Пару раз в месяц раздавалось цоканье лошадиных копыт и грохот колёс по булыжной мостовой. Затем раздавались трубные звуки. Это приезжал татарин – керосинщик на телеге с бочкой и пел в жестяную воронку: «Ки – ира – а-си – ин! Ки – ира – син!» И все бабульки нашей улицы наперегонки бежали с бидончиками в руках – занимать очередь (это было время керосинок – о газовых плитах мы даже не знали).

Бабушка всегда брала меня с собой на улицу. Я помогал нести ей бидон. Потом она следила за воронкой в бидоне и струёй из бочки. Запах керосина растекался над мостовой. А я следил за другой струёй. Каждый раз, как только начинали разливать керосин, лошадь перебирала копытами, фыркала и принималась мочиться широченной пенной струёй с брызгами. Бабульки в очереди ругались и отпрыгивали.

– Тпру – ууу! – орал керосинщик и дёргал за вожжи.

Но эта струя, казалось, была бесконечной. А я глаз от неё не мог оторвать и всё ждал: когда же «керосин» у лошади кончится?

Но иногда с улицы доносился и вовсе странный крик: «Шара – бара! Шара-бара!» И звук: цок – цок – цок… Как копыта лошади керосинщика, но тише и мягче…

– Что такое Шара-бара? Кто это цокает? Я пытался подглядеть в щёлку калитки. Но доски в ней были пригнаны без щелей. Разглядеть, кто кричит, было невозможно.

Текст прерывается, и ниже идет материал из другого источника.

(* With $a,b,c,g_0,\boldsymbol\mu,k,h$ as below attached to a bounding triple $(W,g,V)\in BT_n$, one has $2k-a-b-h\ge0$.
   Context: $\mathbb{F}_q^\infty$ has basis $e_1,e_2,\dots$; $\mathbb{F}_q^n=\mathrm{span}\{e_1,\dots,e_n\}$; $GL_\infty(\mathbb{F}_q)=\varinjlim GL_n(\mathbb{F}_q)$ under $g\mapsto\operatorname{diag}(g,\mathrm{Id})$. A subspace is smooth if it contains $e_i$ for all large $i$. A bounding triple is $(W,g,V)$ with $W,V$ smooth, $g\in GL_\infty(\mathbb{F}_q)$ acting as identity on $V$, $g^T$ acting as identity on $W$; $BT_n$: those with $e_{n+1},e_{n+2},\dots\in V\cap W$. $GL_\infty(\mathbb{F}_q)$ acts by $x\cdot(W,g,V)=(x^{-T}W,xgx^{-1},xV)$. With $\langle e_i,e_j\rangle=\delta_{ij}$, $W^\perp=\{v:\langle W,v\rangle=0\}$, $V^\perp=\{w:\langle w,V\rangle=0\}$, put $a=\dim(W\cap V^\perp)$, $b=\dim(V\cap W^\perp)$, $c=$ rank of $\langle-,-\rangle$ on $(W\cap\mathbb{F}_q^n)\times(V\cap\mathbb{F}_q^n)$. Choose $x\in GL_n(\mathbb{F}_q)$ such that the $V$ and $W$ components of $x\cdot(W,g,V)$ contain $e_{n-c+1},e_{n-c+2},\dots$, and let $g_0=xgx^{-1}\in GL_{n-c}(\mathbb{F}_q)$. Let $\boldsymbol\mu$ be the type of $g_0$ in $GL_{n-c}(\mathbb{F}_q)$ (for each monic irreducible $r\ne t$, $\boldsymbol\mu(r)$ is the partition whose number of parts equal to $i$ is the multiplicity of $r^i$ as an elementary divisor of $g_0$); $k$ is the number of parts of $\boldsymbol\mu(t-1)$ and $h$ the number of parts of $\boldsymbol\mu(t-1)$ equal to $1$. *)

From HB Require Import structures.
From mathcomp Require Import all_boot all_order all_algebra.
Set Implicit Arguments. Unset Strict Implicit. Unset Printing Implicit Defensive.
Import GRing.Theory.
Local Open Scope ring_scope.

(* Conventions: vectors of F^n are row vectors 'rV[F]_n; a subspace of F^n is
   the row space of a square matrix (mxalgebra).  The column-vector action
   v |-> g v of the paper is v |-> v *m g^T on row vectors, and the pairing
   <w,v> is w *m v^T. *)

Section Defs.
Variable F : fieldType.

(* a = dim (W ∩ V^perp),  b = dim (V ∩ W^perp),  c = rank of <-,-> on W x V *)
Definition bt_a n (W V : 'M[F]_n) : nat := \rank (W :&: kermx V^T)%MS.
Definition bt_b n (W V : 'M[F]_n) : nat := \rank (V :&: kermx W^T)%MS.
Definition bt_c n (W V : 'M[F]_n) : nat := \rank (W *m V^T).

Definition bt_g0 n (c : nat) (x g : 'M[F]_n) : 'M[F]_(n - c) :=
  \matrix_(i < n - c, j < n - c)
     (x *m g *m invmx x) (widen_ord (leq_subr c n) i) (widen_ord (leq_subr c n) j).

Fixpoint blkdiag_companion (s : seq {poly F}) : {d : nat & 'M[F]_d} :=
  match s with
  | [::] => existT (fun d => 'M[F]_d) 0%N (0 : 'M[F]_0)
  | p :: s' =>
      let D := blkdiag_companion s' in
      existT (fun d => 'M[F]_d) ((size p).-1 + projT1 D)%N
        (block_mx (companionmx p) 0 0 (projT2 D))
  end.

(* [s] is a list of elementary divisors of A : each entry (r, i) stands for
   the elementary divisor r^i (r monic irreducible, i >= 1), and A is similar
   to the block diagonal sum of the companion matrices of the r^i. *)
Definition elementary_divisors m (A : 'M[F]_m) (s : seq ({poly F} * nat)) : Prop :=
  (forall ri, ri \in s -> [/\ ri.1 \is monic, irreducible_poly ri.1 & (0 < ri.2)%N])
  /\ let D := blkdiag_companion [seq ri.1 ^+ ri.2 | ri <- s] in
     exists (P : 'M[F]_(m, projT1 D)) (Q : 'M[F]_(projT1 D, m)),
       [/\ P *m Q = 1%:M, Q *m P = 1%:M & A = P *m projT2 D *m Q].

(* k = number of parts of mu(t-1),  h = number of parts of mu(t-1) equal to 1 *)
Definition type_k (s : seq ({poly F} * nat)) : nat :=
  count (fun ri => ri.1 == 'X - 1) s.
Definition type_h (s : seq ({poly F} * nat)) : nat :=
  count (fun ri => (ri.1 == 'X - 1) && (ri.2 == 1%N)) s.

End Defs.

From HB Require Import structures.
From mathcomp Require Import all_boot all_order all_algebra all_fingroup all_field.
From mathcomp Require Import zify.
Set Implicit Arguments. Unset Strict Implicit. Unset Printing Implicit Defensive.
Import GRing.Theory.
Local Open Scope ring_scope.

(* Both a + b + c and h - 2k are compared with rho := rank (g - 1)^2.
   As g - 1 kills W and (g - 1)^T kills V, rho <= n - a - b - c.
   Conversely rho is at least the corresponding rank for g_0, a corner of a
   conjugate of g along whose complement g - 1 vanishes.  In the rational
   canonical form of g_0 each block C(r^i) with r <> t - 1 has C - 1
   invertible, and every other block has corank at most 1 for C - 1, hence
   at most 2 for (C - 1)^2, and 1 when it is the 1x1 block of t - 1; so
   n - c + h <= rho + 2k. *)

Section CompanionRank.
Variable F : fieldType.

Lemma mxrank_mxsub m n m' n' (f : 'I_m' -> 'I_m) (g : 'I_n' -> 'I_n)
    (A : 'M[F]_(m, n)) :
  (\rank (mxsub f g A) <= \rank A)%N.
Proof.
rewrite mxsubrc; apply: leq_trans (mxrankS (rowsub_sub _ _)) _.
by rewrite -[A in colsub _ A]mulmx1 -mulmx_colsub mxrankM_maxl.
Qed.

(* Deleting the last row and the first column leaves a unit triangular matrix. *)
Lemma mxrank_shift_subr d (a : F) (X : 'M[F]_d) :
  (forall i j : 'I_d, (i.+1 < d)%N -> X i j = (i.+1 == j)%:R - a * (i == j)%:R) ->
  (d.-1 <= \rank X)%N.
Proof.
case: d X => [|d] X XE //=.
pose S : 'M[F]_d := mxsub (widen_ord (leqnSn d)) (lift ord0) X.
apply: leq_trans (mxrank_mxsub (widen_ord (leqnSn d)) (lift ord0) X).
have SE (i j : 'I_d) : S i j = (i == j)%:R - a * (i == j.+1 :> nat)%:R.
  rewrite /S mxE XE /=; last by rewrite ltnS.
  by rewrite -!val_eqE /= /bump leq0n add1n eqSS.
have trig_S : is_trig_mx S.
  apply/is_trig_mxP => i j lt_ij; rewrite SE -val_eqE (ltn_eqF lt_ij).
  by rewrite (ltn_eqF (ltn_trans lt_ij (ltnSn _))) mulr0 subrr.
have : S \in unitmx.
  rewrite unitmxE (det_trig trig_S) big1 ?unitr1 // => i _.
  by rewrite SE eqxx eq_sym (gtn_eqF (ltnSn _)) mulr0 subr0.
by move/mxrank_unit ->.
Qed.

Lemma mxrank_companionmx_subr (p : {poly F}) (a : F) :
  ((size p).-1.-1 <= \rank ((companionmx p - a%:M)%R))%N.
Proof.
apply: (mxrank_shift_subr (a := a)) => i j lt_i; rewrite !mxE mulr_natr.
rewrite (@ltn_eqF i (size p).-1.-1) //.
by rewrite -ltnS prednK ?lt_i // (leq_ltn_trans _ lt_i).
Qed.

Lemma companionmx_subr1_unit (r : {poly F}) (i : nat) :
  r \is monic -> irreducible_poly r -> r != 'X - 1 ->
  companionmx (r ^+ i) - 1%:M \in unitmx.
Proof.
move=> mon_r irr_r neq_r; set C := companionmx (r ^+ i).
apply/negPn/negP => nonunit.
have : eigenvalue C 1.
  rewrite /eigenvalue /eigenspace; apply/negP => /eqP ker0.
  move: nonunit; rewrite -row_free_unit /row_free.
  have := mxrank_ker (C - 1%:M); rewrite ker0 mxrank0 => /esym/eqP.
  by rewrite subn_eq0 eqn_leq rank_leq_row => ->.
rewrite eigenvalue_root_char /C companionmxK ?monic_exp //.
rewrite /root horner_exp expf_eq0 => /andP[_ root_r1].
have : 'X - 1%:P %| r by rewrite dvdp_XsubCl.
case/(irredp_XsubCP irr_r) => [/eqp_size|].
  by rewrite size_XsubC size_poly1.
rewrite eqp_monic ?monicXsubC // => /eqP r_eq.
by move: neq_r; rewrite -r_eq polyC1 eqxx.
Qed.

Lemma companion_block_rank (r : {poly F}) (i : nat) :
  r \is monic -> irreducible_poly r -> (0 < i)%N ->
  ((size (r ^+ i)).-1 + ((r == ('X - 1)%R) && (i == 1%N))
    <= \rank (((companionmx (r ^+ i) - 1%:M) *m (companionmx (r ^+ i) - 1%:M))%R)
       + 2 * (r == ('X - 1)%R))%N.
Proof.
move=> mon_r irr_r i_gt0.
have [r_eq|r_neq] := eqVneq r ('X - 1); last first.
  by rewrite /= mxrank_unit ?unitmx_mul ?companionmx_subr1_unit //; lia.
have [->|i_neq1] := eqVneq i 1%N.
  have size_r : size r = 2%N by rewrite r_eq -polyC1 size_XsubC.
  rewrite expr1 /=; apply: (@leq_trans 2%N).
    by rewrite size_r.
  exact: leq_addl.
have := mxrank_companionmx_subr (r ^+ i) 1.
have := mxrank_mul_min (companionmx (r ^+ i) - 1%:M) (companionmx (r ^+ i) - 1%:M).
rewrite /=; move: (\rank ((companionmx (r ^+ i) - 1%:M)%R)) (\rank ((_ *m _)%R)).
by move=> rC rC2; lia.
Qed.

Lemma blkdiag_companion_rank (s : seq ({poly F} * nat)) :
  (forall ri, ri \in s -> [/\ ri.1 \is monic, irreducible_poly ri.1 & (0 < ri.2)%N]) ->
  let D := projT2 (blkdiag_companion [seq ri.1 ^+ ri.2 | ri <- s]) in
  (projT1 (blkdiag_companion [seq ri.1 ^+ ri.2 | ri <- s]) + type_h s
    <= \rank (((D - 1%:M) *m (D - 1%:M))%R) + 2 * type_k s)%N.
Proof.
elim: s => [|[r i] s IHs] s_ok /=; first by rewrite addn0.
have [mon_r irr_r i_gt0] := s_ok (r, i) (mem_head _ _).
have := IHs (fun ri ri_s => s_ok ri ltac:(by rewrite inE ri_s orbT)); rewrite /=.
set D := projT2 _ => IH.
rewrite scalar_mx_block opp_block_mx add_block_mx !oppr0 !addr0.
rewrite mulmx_block !mulmx0 !mul0mx !addr0 !add0r rank_diag_block_mx.
have := companion_block_rank mon_r irr_r i_gt0; move: IH => /=.
move: (\rank (((D - _) *m _)%R)) (\rank (((companionmx _ - _) *m _)%R)) => rD rC.
by case: (r == _); case: (i == _); rewrite /=; lia.
Qed.

Lemma elementary_divisors_rank m (A : 'M[F]_m) (s : seq ({poly F} * nat)) :
  elementary_divisors A s ->
  (m + type_h s <= \rank (((A - 1%:M) *m (A - 1%:M))%R) + 2 * type_k s)%N.
Proof.
move=> [s_ok [P [Q [PQ QP A_eq]]]].
have := blkdiag_companion_rank s_ok; rewrite /=.
set D := projT2 _ => D_rank.
have m_le : (m <= projT1 (blkdiag_companion [seq ri.1 ^+ ri.2 | ri <- s]))%N.
  rewrite -[m in (m <= _)%N](mxrank1 F m) -PQ.
  exact: leq_trans (mxrankM_maxr _ _) (rank_leq_row _).
have A_sub1 : A - 1%:M = P *m (D - 1%:M) *m Q.
  by rewrite mulmxBr mulmxBl mulmx1 PQ A_eq.
have D_sqr : (D - 1%:M) *m (D - 1%:M) = Q *m ((A - 1%:M) *m (A - 1%:M)) *m P.
  rewrite A_sub1 !mulmxA QP mul1mx -(mulmxA (D - 1%:M) Q P) QP mulmx1.
  by rewrite -(mulmxA _ Q P) QP mulmx1.
have D_le_A : (\rank (((D - 1%:M) *m (D - 1%:M))%R)
                <= \rank (((A - 1%:M) *m (A - 1%:M))%R))%N.
  by rewrite D_sqr; exact: leq_trans (mxrankM_maxl _ _) (mxrankM_maxr _ _).
apply: leq_trans (leq_add m_le (leqnn _)) _; apply: leq_trans D_rank _.
by rewrite leq_add2r.
Qed.

End CompanionRank.

Section BoundingTriple.
Variables (F : fieldType) (n : nat) (W V g : 'M[F]_n).
Hypothesis gV : forall v : 'rV[F]_n, (v <= V)%MS -> v *m g^T = v.
Hypothesis gW : forall w : 'rV[F]_n, (w <= W)%MS -> w *m g = w.

Lemma trmx_subr1 : (g - 1%:M)^T = g^T - 1%:M.
Proof. by rewrite linearB /= trmx1. Qed.

Lemma mulmx_subr1_eq0 : V *m (g - 1%:M)^T = 0.
Proof.
apply/row_matrixP => i; rewrite row_mul trmx_subr1 mulmxBr mulmx1 row0.
by rewrite (gV (row_sub i V)) subrr.
Qed.

(* (g - 1)^T lies in W^perp and vanishes on V, so rank (g - 1)^2 is at most
   dim W^perp - dim (V ∩ W^perp) = (n - a - c) - b. *)
Lemma bounding_triple_rank :
  (\rank (((g - 1%:M) *m (g - 1%:M))%R) + bt_a W V + bt_b W V + bt_c W V <= n)%N.
Proof.
set B := g - 1%:M; set K := kermx W^T.
have WB : W *m B = 0.
  apply/row_matrixP => i; rewrite row_mul mulmxBr mulmx1 row0.
  by rewrite (gW (row_sub i W)) subrr.
have BK : (B^T <= K)%MS by rewrite sub_kermx -trmx_mul WB trmx0.
have rank_sqr : (\rank (B *m B) <= \rank (K *m B^T))%N.
  by rewrite -mxrank_tr trmx_mul; apply/mxrankS/submxMr.
have rank_K := mxrank_mul_ker K B^T.
have b_le : (bt_b W V <= \rank (K :&: kermx B^T))%N.
  apply: mxrankS; rewrite sub_capmx capmxSr /=.
  by apply: submx_trans (capmxSl _ _) _; rewrite sub_kermx mulmx_subr1_eq0.
have dim_K : \rank K = (n - \rank W)%N by rewrite mxrank_ker mxrank_tr.
have rank_W := mxrank_mul_ker W V^T.
have := rank_leq_col W; rewrite /bt_a /bt_c; lia.
Qed.

Variable x : 'M[F]_n.
Hypothesis x_unit : x \in unitmx.

Lemma conjg_subr1 : x *m g *m invmx x - 1%:M = x *m (g - 1%:M) *m invmx x.
Proof. by rewrite mulmxBr mulmxBl mulmx1 mulmxV. Qed.

Lemma conjg_subr1_col_eq0 (j : 'I_n) : ((delta_mx 0 j : 'rV[F]_n) <= V *m x^T)%MS ->
  forall i, (x *m g *m invmx x - 1%:M) i j = 0.
Proof.
move=> /submxP[u e_j] i.
have : delta_mx 0 j *m (x *m g *m invmx x - 1%:M)^T = 0 :> 'rV[F]_n.
  rewrite e_j conjg_subr1 !trmx_mul !mulmxA -(mulmxA _ x^T) -trmx_mul mulVmx //.
  by rewrite trmx1 mulmx1 -(mulmxA u) mulmx_subr1_eq0 mulmx0 mul0mx.
by rewrite -rowE => /rowP /(_ i); rewrite !mxE.
Qed.

(* The last c columns of x g x^-1 - 1 vanish, so the square of the corner
   g_0 - 1 is the corner of the square of x g x^-1 - 1. *)
Lemma bt_g0_rank (c : nat) :
  (forall j : 'I_n, (n - c <= j)%N -> ((delta_mx 0 j : 'rV[F]_n) <= V *m x^T)%MS) ->
  (\rank (((bt_g0 c x g - 1%:M) *m (bt_g0 c x g - 1%:M))%R)
    <= \rank (((g - 1%:M) *m (g - 1%:M))%R))%N.
Proof.
move=> xV; set N := x *m g *m invmx x - 1%:M.
set w := widen_ord (leq_subr c n).
have corner_sqr : (bt_g0 c x g - 1%:M) *m (bt_g0 c x g - 1%:M) = mxsub w w (N *m N).
  apply/matrixP => i j; rewrite !mxE (bigID (fun k : 'I_n => (k < n - c)%N)) /=.
  rewrite [X in _ = _ + X]big1 ?addr0; last first.
    by move=> k; rewrite -leqNgt => /xV/conjg_subr1_col_eq0 ->; rewrite mul0r.
  by rewrite (big_ord_narrow (leq_subr c n)); apply: eq_bigr => k _; rewrite !mxE.
have N_sqr : N *m N = x *m ((g - 1%:M) *m (g - 1%:M)) *m invmx x.
  rewrite /N conjg_subr1 !mulmxA -(mulmxA _ (invmx x) x) mulVmx // mulmx1.
  by rewrite -!mulmxA.
rewrite corner_sqr; apply: leq_trans (mxrank_mxsub _ _ _) _.
by rewrite N_sqr; exact: leq_trans (mxrankM_maxl _ _) (mxrankM_maxr _ _).
Qed.

End BoundingTriple.

Theorem proposition5p5 (F : finFieldType) (n : nat) (W V g : 'M[F]_n) :
  g \in unitmx ->
  (* g acts as the identity on V *)
  (forall v : 'rV[F]_n, (v <= V)%MS -> v *m g^T = v) ->
  (* g^T acts as the identity on W *)
  (forall w : 'rV[F]_n, (w <= W)%MS -> w *m g = w) ->
  forall x : 'M[F]_n, x \in unitmx ->
  (* x V and x^{-T} W contain e_{n-c+1}, ..., e_n *)
  (forall i : 'I_n, (n - bt_c W V <= i)%N ->
      ((delta_mx 0 i : 'rV[F]_n) <= V *m x^T)%MS /\ ((delta_mx 0 i : 'rV[F]_n) <= W *m invmx x)%MS) ->
  forall s : seq ({poly F} * nat),
  elementary_divisors (bt_g0 (bt_c W V) x g) s ->
  (bt_a W V + bt_b W V + type_h s <= 2 * type_k s)%N.
Proof.
move=> _ gV gW x x_unit xVW s g0_s.
have := elementary_divisors_rank g0_s.
have := bt_g0_rank gV x_unit (fun j j_ge => proj1 (xVW j j_ge)).
have := bounding_triple_rank gV gW.
have := rank_leq_row (W *m V^T); rewrite -/(bt_c W V).
lia.
Qed.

Молочницу я видел – она к нам во двор приходила. И точильщик заходил – я заворожено смотрел на снопы искр, вылетающих из – под ножа и точильного круга. Это было лучше бенгальского огня!

И мусорщика я видел. И керосинщика! Всех я видел, кроме таинственного Шара – бара. Во двор он не заходил, а меня, пока я был маленький, одного на улицу не пускали.

* * *

Как только я стал ходить в школу, то по дороге для меня стали открываться многие уличные секреты. Оказалось, что Шара-Бара – это торговец игрушками, и зовут его Миша-дунганец. Так он называл себя сам. Наша соседка Марьпална называла Мишу просто «китайцем». А уличная шпана звала его Похуил – Лохуил.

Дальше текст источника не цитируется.